Harry Macklowe Sells Miami Development Site At $11M Loss
Three years after Harry Macklowe bought his first major South Florida development, the famed New York developer has offloaded it for less than two-thirds of what he paid.

Macklowe Properties sold a 1.7-acre empty site sandwiched between the Dadeland Mall and the Dadeland North Metrorail Station for $20M to Miami-based Related Group, according to property records provided by Vizzda. The price is a 37% discount from the nearly $32M Macklowe paid in April 2022.
Macklowe financed that purchase with a $39M loan from Fortress Investment Group. The lender moved to foreclose on that debt, alongside a loan on a Manhattan apartment building, last year, The Real Deal reported. A Uniform Commercial Code foreclosure was scheduled for last June but apparently never took place.

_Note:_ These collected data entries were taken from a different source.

Lemma Rabs_expmv_le (h : R) (u : vec) (i : nat) : 0 <= h -> (i < d)%nat ->
  Rabs (expmv d h q u i) <= norm_inf d u.
Proof.
  intros Hh Hi; set (c := norm_inf d u).
  assert (Hu : forall j, (j < d)%nat -> - c <= u j <= c)
    by (intros; apply Rabs_le_between, Rabs_le_norm_inf; auto).
  assert (Hlo := expmv_ge0 h (fun j => 1 * c + 1 * u j) i Hh Hi).
  assert (Hup := expmv_ge0 h (fun j => 1 * c + -1 * u j) i Hh Hi).
  rewrite expmv_lin, expmv_const in Hlo, Hup by auto.
  apply Rabs_le; split.
  - enough (0 <= 1 * c + 1 * expmv d h q u i) by lra.
    apply Hlo; intros j Hj; specialize (Hu j Hj); lra.
  - enough (0 <= 1 * c + -1 * expmv d h q u i) by lra.
    apply Hup; intros j Hj; specialize (Hu j Hj); lra.
Qed.

Lemma expmv_continuity_pt (u : vec) (i : nat) (s : R) : (i < d)%nat ->
  continuity_pt (fun h => expmv d h q u i) s.
Proof.
  intros Hi; set (a := fun k => mpowv d q k u i / INR (Factorial.fact k)).
  assert (Hterm : forall h k, expmv_term d q h u i k = a k * h ^ k)
    by (intros; unfold expmv_term, a, Rdiv; ring).
  replace (fun h => expmv d h q u i) with (PSeries a).
  2: { apply functional_extensionality; intros h; apply is_pseries_unique, is_pseries_R.
       eapply is_series_ext; [|apply expmv_is_series, Hi]; intros k; apply Hterm. }
  apply PSeries_continuity.
  destruct (Rbar_lt_dec (Rabs s) (CV_radius a)) as [Hlt|Hge]; [exact Hlt|exfalso].
  set (r := Rabs s + 1).
  (* [a k r^k] is summable, hence tends to 0, so [r] lies inside the radius. *)
  apply (CV_disk_outside a r).
  - eapply Rbar_le_lt_trans; [apply Rbar_not_lt_le, Hge|].
    assert (0 <= Rabs s) by apply Rabs_pos.
    unfold r; rewrite (Rabs_right (Rabs s + 1)) by lra; simpl; lra.
  - apply is_lim_seq_abs_0, ex_series_lim_0.
    eapply ex_series_ext; [|apply (ex_series_Rabs_expmv_term r u i Hi)].
    intros k; cbv beta; now rewrite Hterm.
Qed.

Lemma integ_expmv_le0 (u : vec) (i : nat) (h : R) : (i < d)%nat -> 0 <= h ->
  (forall j, (j < d)%nat -> u j <= 0) -> integ (fun s => expmv d s q u i) 0 h <= 0.
Proof.
  intros Hi Hh Hu.
  assert (pr : Riemann_integrable (fun s => expmv d s q u i) 0 h)
    by (apply continuity_implies_RiemannInt; auto; intros; apply expmv_continuity_pt, Hi).
  rewrite (integ_RiemannInt _ _ _ pr).
  apply Rle_trans with (RiemannInt (RiemannInt_P14 0 h 0)); [|rewrite RiemannInt_P15; lra].
  apply RiemannInt_P19; auto; intros s Hs; unfold fct_cte.
  assert (Hneg := expmv_ge0 s (fun j => -1 * u j + 0 * u j) i ltac:(lra) Hi).
  rewrite expmv_lin in Hneg by auto.
  enough (0 <= -1 * expmv d s q u i + 0 * expmv d s q u i) by lra.
  apply Hneg; intros j Hj; specialize (Hu j Hj); lra.
Qed.
Lemma InV_digit_one (d : nat) : (d <= 1)%nat -> InV (INR d :: nil) 1.
Proof.
  intros Hd. destruct d as [|[|]]; try lia; simpl.
  - change 1 with (INR (fact 0)). apply InV_fact. constructor.
  - constructor.
Qed.

(* Digits with the same half are equal or consecutive: [d / d = 1] or [|d - e| = 1]. *)
Lemma InV_digit_pair_one (d e : nat) :
  (2 <= d)%nat -> Nat.div2 d = Nat.div2 e -> InV (INR d :: INR e :: nil) 1.
Proof.
  intros Hd Hde.
  apply (InV_comb (INR d :: nil) (INR e :: nil) _ (INR d) (INR e));
    [discriminate | discriminate | apply Permutation_refl | constructor | constructor |].
  assert (Hcases : d = e \/ d = S e \/ e = S d).
  { pose proof (Nat.div2_odd d). pose proof (Nat.div2_odd e).
    destruct (Nat.odd d), (Nat.odd e); simpl in *; lia. }
  destruct Hcases as [<- | [-> | ->]].
  - assert (INR d <> 0) by (apply not_0_INR; lia).
    do 4 right; left. split; [assumption|]. field; assumption.
  - right; left. rewrite S_INR. ring.
  - do 2 right; left. rewrite S_INR. ring.
Qed.

Definition sparse_digits (t : list nat) : Prop :=
  Forall (fun d => (2 <= d <= 9)%nat) t /\ NoDup (map Nat.div2 t).

Lemma sparse_digits_length (t : list nat) : sparse_digits t -> (length t <= 4)%nat.
Proof.
  intros [Hrange Hnodup]. rewrite <- (length_map Nat.div2 t).
  apply (NoDup_incl_length (l' := (1 :: 2 :: 3 :: 4 :: nil)%nat) Hnodup).
  intros x Hx. apply in_map_iff in Hx as (d & <- & Hd).
  rewrite Forall_forall in Hrange. specialize (Hrange d Hd).
  destruct d as [|[|[|[|[|[|[|[|[|[|]]]]]]]]]]; simpl; try lia; tauto.
Qed.

Lemma digits_unit_or_sparse (ds : list nat) :
  Forall (fun d => (d < 10)%nat) ds ->
  (exists g rest, Permutation ds (g ++ rest) /\ InV (map INR g) 1 /\ (length g <= 2)%nat)
  \/ sparse_digits ds.
Proof.
  induction ds as [|d t IH]; intros Hdig; [right; split; constructor|].
  inversion Hdig as [|? ? Hd Ht].
  destruct (IH Ht) as [(g & rest & Hperm & Hg & Hlen) | [Hrange Hnodup]].
  { left. exists g, (d :: rest). repeat split; auto.
    eapply perm_trans; [apply perm_skip, Hperm|]. apply Permutation_middle. }
  destruct (Nat.le_gt_cases d 1) as [Hd1|Hd2].
  { left. exists (d :: nil), t. repeat split; auto. now apply InV_digit_one. }
  destruct (in_dec Nat.eq_dec (Nat.div2 d) (map Nat.div2 t)) as [Hin|Hnin].
  - apply in_map_iff in Hin as (e & He & Het).
    apply in_split in Het as (l1 & l2 & ->).
    left. exists (d :: e :: nil), (l1 ++ l2). repeat split.
    + simpl. apply perm_skip, Permutation_sym, Permutation_middle.
    + apply InV_digit_pair_one; auto; lia.
    + simpl; lia.
  - right. split; constructor; auto. lia.
Qed.

Lemma digits_unit_blocks (ds : list nat) :
  Forall (fun d => (d < 10)%nat) ds ->
  exists U, (length ds <= 2 * U + 4)%nat /\ ((1 <= U)%nat -> unit_blocks U (map INR ds)).
Proof.
  induction ds as [ds IH] using (well_founded_ind (Wf_nat.well_founded_ltof _ (@length nat))).
  intros Hdig.
  destruct (digits_unit_or_sparse ds Hdig) as [(g & rest & Hperm & Hg & Hlen) | Hsparse].
  2: { exists 0%nat. split; [apply sparse_digits_length in Hsparse; lia | lia]. }
  assert (Hg_len : length g <> 0%nat)
    by (intros Hl; apply length_zero_iff_nil in Hl; subst; eapply InV_not_nil; eauto).
  assert (Hds_len : length ds = (length g + length rest)%nat)
    by (now rewrite (Permutation_length Hperm), length_app).
  assert (Hrest : Forall (fun d => (d < 10)%nat) rest).
  { apply (Permutation_Forall Hperm), Forall_app in Hdig. tauto. }
  destruct (IH rest ltac:(unfold Wf_nat.ltof; lia) Hrest) as (U & HU & HUblocks).
  exists (S U). split; [lia|]. intros _.
  apply unit_blocks_perm with (map INR g ++ map INR rest).
  2: { rewrite <- map_app. now apply Permutation_map, Permutation_sym. }
  destruct U as [|U].
  - apply unit_blocks_absorb, unit_blocks_1; auto.
  - apply (unit_blocks_app 1 (S U)); [now apply unit_blocks_1 | apply HUblocks; lia].
Qed.

Lemma log6_bound_le (n k u : nat) : (1 <= n)%nat ->
  INR k >= 13 * log6 (INR n) + 7 -> (6 ^ (2 * u) <= 36 * n ^ 13)%nat ->
  (2 * u + 5 <= k)%nat.
Proof.
  intros Hn Hk Hbound.
  assert (Hln6 : 0 < ln 6) by (rewrite <- ln_1; apply ln_increasing; lra).
  assert (Hnpos : 0 < INR n) by (apply lt_0_INR; lia).
  apply le_INR in Hbound. rewrite mult_INR, !pow_INR in Hbound.
  replace (INR 6) with 6 in Hbound by (simpl; ring).
  replace (INR 36) with (6 ^ 2) in Hbound by (simpl; ring).
  assert (Hln : ln (6 ^ (2 * u)) <= ln (6 ^ 2 * INR n ^ 13)).
  { apply Rnot_lt_le. intros Hlt.
    apply ln_lt_inv in Hlt; [lra| |apply pow_lt; lra].
    apply Rmult_lt_0_compat; apply pow_lt; lra. }
  rewrite ln_mult, !ln_pow in Hln by (try apply pow_lt; lra).
  unfold log6 in Hk.
  assert (H13 : 13 * ln (INR n) <= (INR k - 7) * ln 6).
  { replace (13 * ln (INR n)) with (13 * (ln (INR n) / ln 6) * ln 6) by (field; lra).
    apply Rmult_le_compat_r; lra. }
  apply INR_le. rewrite plus_INR, !mult_INR in *.
  apply Rmult_le_reg_r with (ln 6); [assumption|].
  simpl (INR 2) in *. simpl (INR 5). simpl (INR 13) in Hln. lra.
Qed.

Theorem theorem6p2 : forall (n k : nat), (1 <= n)%nat ->
  INR k >= 13 * log6 (INR n) + 7 -> InE k (INR n).
Proof.
  intros n k Hn Hk ds Hlen Hdig.
  destruct (ones_cost_bounded_pos n Hn) as (u & Hu & Hbound & Hn_ones).
  pose proof (log6_bound_le n k u Hn Hk Hbound) as Hku.
  destruct (digits_unit_blocks ds Hdig) as (U & HU & HUblocks).
  apply Hn_ones, (unit_blocks_le u U); [lia|].
  apply HUblocks. lia.
Qed.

Macklowe didn't respond to Bisnow’s requests for comment. A Related Group spokesperson declined to comment.
The development site was approved for 770 residential units in two 25-story towers named The Line, designed by Miami-based Arquitectonica.
Macklowe listed the property at 8609 SW 72nd Ave. for sale in March 2024, tapping a Berkadia team led by Jaret Turkell, Omar Morales and Roberto Pesant, The Real Deal reported. Morales declined to comment on the sale Tuesday when reached by Bisnow.
The sale comes days after Related and Macklowe filed plans to build two 43-story luxury condo towers at 8000 and 7946 East Drive in North Bay Village, the South Florida Business Journal reported.
The pair purchased the Biscayne Sea Club at 8000 East Drive for $47.7M and $10.6M for the 7941 East Drive site in 2023. North Bay Village’s Planning and Zoning Board will consider the 1.2M SF proposal on Wednesday.
Macklowe, who developed the Apple Cube on Fifth Avenue and the supertall condo 432 Park in Manhattan, has a history of tumultuous investments. He famously lost a $4B portfolio during the Great Recession that included the General Motors Building and the Apple Cube.
More recently, the billionaire converted the former Irving Bank tower at One Wall Street into a $2B condo and retail development. The more than 175K SF of retail at the building has performed well, but the luxury condos have struggled to meet the same standard.
Sales for units began in 2021, but by November, only 112 out of the 566 residences had sold, the New York Post reported.
One Wall Street was the first major development from Macklowe Properties after 432 Park, which opened in 2015. Owners of the luxury units in the 1,400-foot supertall sued Macklowe and his partner, CIM Group, in 2021, claiming design flaws caused floods and power loss.
In May, the condo board filed a new lawsuit — in which Macklowe wasn't named as a defendant — alleging that the building’s facade contains more than 1,000 defects. The suit claims CIM Group and its partners failed to disclose the extent of cracking in the white facade to both prospective buyers and city inspectors, The New York Times reported.